Exercise materials:
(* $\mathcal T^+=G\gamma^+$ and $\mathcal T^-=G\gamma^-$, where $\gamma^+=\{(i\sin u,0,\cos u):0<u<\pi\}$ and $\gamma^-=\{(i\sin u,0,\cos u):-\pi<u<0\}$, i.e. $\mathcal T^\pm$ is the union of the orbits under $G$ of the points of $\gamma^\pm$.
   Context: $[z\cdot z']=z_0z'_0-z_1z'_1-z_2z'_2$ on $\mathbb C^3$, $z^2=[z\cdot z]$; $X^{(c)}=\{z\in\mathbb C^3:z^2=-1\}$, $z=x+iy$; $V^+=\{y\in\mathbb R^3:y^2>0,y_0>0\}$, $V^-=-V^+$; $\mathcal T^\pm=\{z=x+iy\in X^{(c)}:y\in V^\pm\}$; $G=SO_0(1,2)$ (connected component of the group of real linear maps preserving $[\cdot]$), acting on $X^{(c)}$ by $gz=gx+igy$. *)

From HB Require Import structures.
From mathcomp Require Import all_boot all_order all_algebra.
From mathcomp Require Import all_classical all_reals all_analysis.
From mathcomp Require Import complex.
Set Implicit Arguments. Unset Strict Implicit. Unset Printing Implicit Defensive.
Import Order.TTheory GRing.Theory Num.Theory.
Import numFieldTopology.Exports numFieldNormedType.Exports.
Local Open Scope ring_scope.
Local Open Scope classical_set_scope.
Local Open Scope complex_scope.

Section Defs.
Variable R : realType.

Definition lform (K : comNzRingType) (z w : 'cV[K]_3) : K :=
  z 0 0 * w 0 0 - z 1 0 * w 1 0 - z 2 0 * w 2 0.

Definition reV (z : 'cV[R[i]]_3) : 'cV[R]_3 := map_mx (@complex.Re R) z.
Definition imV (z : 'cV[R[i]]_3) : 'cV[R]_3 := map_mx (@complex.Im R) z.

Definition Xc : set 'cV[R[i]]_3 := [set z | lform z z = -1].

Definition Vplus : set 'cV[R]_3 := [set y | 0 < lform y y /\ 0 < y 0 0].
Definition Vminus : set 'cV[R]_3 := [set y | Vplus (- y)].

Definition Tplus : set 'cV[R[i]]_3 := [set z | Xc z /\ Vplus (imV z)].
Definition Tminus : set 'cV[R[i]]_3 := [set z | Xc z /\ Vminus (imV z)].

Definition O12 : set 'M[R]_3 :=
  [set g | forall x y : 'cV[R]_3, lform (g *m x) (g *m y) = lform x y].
--
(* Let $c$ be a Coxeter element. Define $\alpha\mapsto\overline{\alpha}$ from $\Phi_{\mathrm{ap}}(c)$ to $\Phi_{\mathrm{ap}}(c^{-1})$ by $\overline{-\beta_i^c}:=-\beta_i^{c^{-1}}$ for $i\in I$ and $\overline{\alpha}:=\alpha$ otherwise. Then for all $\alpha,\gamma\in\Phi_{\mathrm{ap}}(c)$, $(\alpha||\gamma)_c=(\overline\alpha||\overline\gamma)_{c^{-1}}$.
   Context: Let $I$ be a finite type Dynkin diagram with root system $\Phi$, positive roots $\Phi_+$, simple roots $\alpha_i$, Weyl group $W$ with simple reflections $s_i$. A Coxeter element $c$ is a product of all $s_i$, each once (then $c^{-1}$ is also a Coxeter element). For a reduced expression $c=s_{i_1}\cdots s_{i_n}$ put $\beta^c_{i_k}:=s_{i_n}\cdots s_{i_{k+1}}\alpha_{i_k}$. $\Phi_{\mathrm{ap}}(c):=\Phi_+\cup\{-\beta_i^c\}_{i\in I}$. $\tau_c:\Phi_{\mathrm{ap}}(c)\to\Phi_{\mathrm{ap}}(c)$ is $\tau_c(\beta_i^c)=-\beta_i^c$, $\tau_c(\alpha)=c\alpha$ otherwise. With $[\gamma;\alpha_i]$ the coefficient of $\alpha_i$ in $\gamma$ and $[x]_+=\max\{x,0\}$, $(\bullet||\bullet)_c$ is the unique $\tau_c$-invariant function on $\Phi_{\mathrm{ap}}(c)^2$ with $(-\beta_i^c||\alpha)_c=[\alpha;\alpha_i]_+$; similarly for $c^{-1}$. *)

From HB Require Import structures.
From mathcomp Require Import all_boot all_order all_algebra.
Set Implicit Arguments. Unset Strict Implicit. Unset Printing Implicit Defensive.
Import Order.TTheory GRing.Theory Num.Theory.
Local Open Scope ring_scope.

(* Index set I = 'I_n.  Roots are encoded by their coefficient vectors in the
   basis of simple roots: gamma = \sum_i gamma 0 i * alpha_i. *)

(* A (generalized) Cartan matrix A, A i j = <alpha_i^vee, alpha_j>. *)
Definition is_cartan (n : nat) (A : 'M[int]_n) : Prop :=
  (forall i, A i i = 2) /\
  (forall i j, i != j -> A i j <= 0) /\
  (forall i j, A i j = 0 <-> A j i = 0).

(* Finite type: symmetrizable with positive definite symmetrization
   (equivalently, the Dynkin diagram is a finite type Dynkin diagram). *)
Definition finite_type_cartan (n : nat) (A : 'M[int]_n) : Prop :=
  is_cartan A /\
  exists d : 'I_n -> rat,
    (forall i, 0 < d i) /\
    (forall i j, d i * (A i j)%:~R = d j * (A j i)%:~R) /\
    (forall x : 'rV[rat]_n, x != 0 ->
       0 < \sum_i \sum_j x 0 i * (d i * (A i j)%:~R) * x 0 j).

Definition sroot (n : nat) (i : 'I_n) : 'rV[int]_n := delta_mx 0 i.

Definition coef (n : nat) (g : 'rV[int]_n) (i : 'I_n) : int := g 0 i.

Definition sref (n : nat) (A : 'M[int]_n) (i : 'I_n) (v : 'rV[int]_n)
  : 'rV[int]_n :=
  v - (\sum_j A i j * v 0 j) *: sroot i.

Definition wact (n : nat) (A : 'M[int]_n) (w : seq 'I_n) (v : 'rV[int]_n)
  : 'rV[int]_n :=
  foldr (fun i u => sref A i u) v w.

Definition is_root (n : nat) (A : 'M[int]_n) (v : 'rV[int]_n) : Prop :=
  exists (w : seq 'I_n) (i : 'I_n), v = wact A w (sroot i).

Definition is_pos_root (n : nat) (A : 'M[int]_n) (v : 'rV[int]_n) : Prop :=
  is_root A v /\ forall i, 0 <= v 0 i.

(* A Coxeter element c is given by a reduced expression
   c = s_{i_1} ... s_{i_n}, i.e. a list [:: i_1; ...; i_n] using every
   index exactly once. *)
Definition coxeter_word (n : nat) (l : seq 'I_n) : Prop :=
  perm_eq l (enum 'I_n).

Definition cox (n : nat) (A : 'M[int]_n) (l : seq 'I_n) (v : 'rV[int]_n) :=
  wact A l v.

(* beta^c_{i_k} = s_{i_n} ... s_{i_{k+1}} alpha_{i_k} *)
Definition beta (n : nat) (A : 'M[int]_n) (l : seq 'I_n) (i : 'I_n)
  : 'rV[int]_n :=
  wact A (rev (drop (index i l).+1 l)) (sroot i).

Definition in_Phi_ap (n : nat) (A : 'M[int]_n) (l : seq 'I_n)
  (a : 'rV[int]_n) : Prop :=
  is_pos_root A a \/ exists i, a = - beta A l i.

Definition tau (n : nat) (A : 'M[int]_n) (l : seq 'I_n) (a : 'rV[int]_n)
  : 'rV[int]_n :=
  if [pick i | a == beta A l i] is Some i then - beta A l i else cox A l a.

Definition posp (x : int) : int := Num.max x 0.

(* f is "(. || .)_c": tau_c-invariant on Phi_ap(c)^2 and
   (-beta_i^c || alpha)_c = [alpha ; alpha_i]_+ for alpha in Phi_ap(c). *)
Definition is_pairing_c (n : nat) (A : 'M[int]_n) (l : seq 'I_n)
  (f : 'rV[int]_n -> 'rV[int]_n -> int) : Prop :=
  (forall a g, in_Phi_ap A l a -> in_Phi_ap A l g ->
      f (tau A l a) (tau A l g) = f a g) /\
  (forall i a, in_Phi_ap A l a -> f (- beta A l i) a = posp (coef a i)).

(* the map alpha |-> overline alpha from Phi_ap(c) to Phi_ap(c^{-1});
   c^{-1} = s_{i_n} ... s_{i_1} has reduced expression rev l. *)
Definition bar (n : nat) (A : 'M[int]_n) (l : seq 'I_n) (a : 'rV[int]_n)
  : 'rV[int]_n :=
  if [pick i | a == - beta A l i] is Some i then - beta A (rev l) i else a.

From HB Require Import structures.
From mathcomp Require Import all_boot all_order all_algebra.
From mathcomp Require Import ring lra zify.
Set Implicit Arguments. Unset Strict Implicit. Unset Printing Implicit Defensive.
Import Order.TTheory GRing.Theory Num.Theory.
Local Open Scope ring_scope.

What needs to be done:
In the listing above, find the line with "(* $\mathcal T^+=G\gamma^+$" and the line with "Local Open Scope classical_set_scope.", then reproduce both and every line between them exactly.

Exercise response:
(* $\mathcal T^+=G\gamma^+$ and $\mathcal T^-=G\gamma^-$, where $\gamma^+=\{(i\sin u,0,\cos u):0<u<\pi\}$ and $\gamma^-=\{(i\sin u,0,\cos u):-\pi<u<0\}$, i.e. $\mathcal T^\pm$ is the union of the orbits under $G$ of the points of $\gamma^\pm$.
   Context: $[z\cdot z']=z_0z'_0-z_1z'_1-z_2z'_2$ on $\mathbb C^3$, $z^2=[z\cdot z]$; $X^{(c)}=\{z\in\mathbb C^3:z^2=-1\}$, $z=x+iy$; $V^+=\{y\in\mathbb R^3:y^2>0,y_0>0\}$, $V^-=-V^+$; $\mathcal T^\pm=\{z=x+iy\in X^{(c)}:y\in V^\pm\}$; $G=SO_0(1,2)$ (connected component of the group of real linear maps preserving $[\cdot]$), acting on $X^{(c)}$ by $gz=gx+igy$. *)

From HB Require Import structures.
From mathcomp Require Import all_boot all_order all_algebra.
From mathcomp Require Import all_classical all_reals all_analysis.
From mathcomp Require Import complex.
Set Implicit Arguments. Unset Strict Implicit. Unset Printing Implicit Defensive.
Import Order.TTheory GRing.Theory Num.Theory.
Import numFieldTopology.Exports numFieldNormedType.Exports.
Local Open Scope ring_scope.
Local Open Scope classical_set_scope.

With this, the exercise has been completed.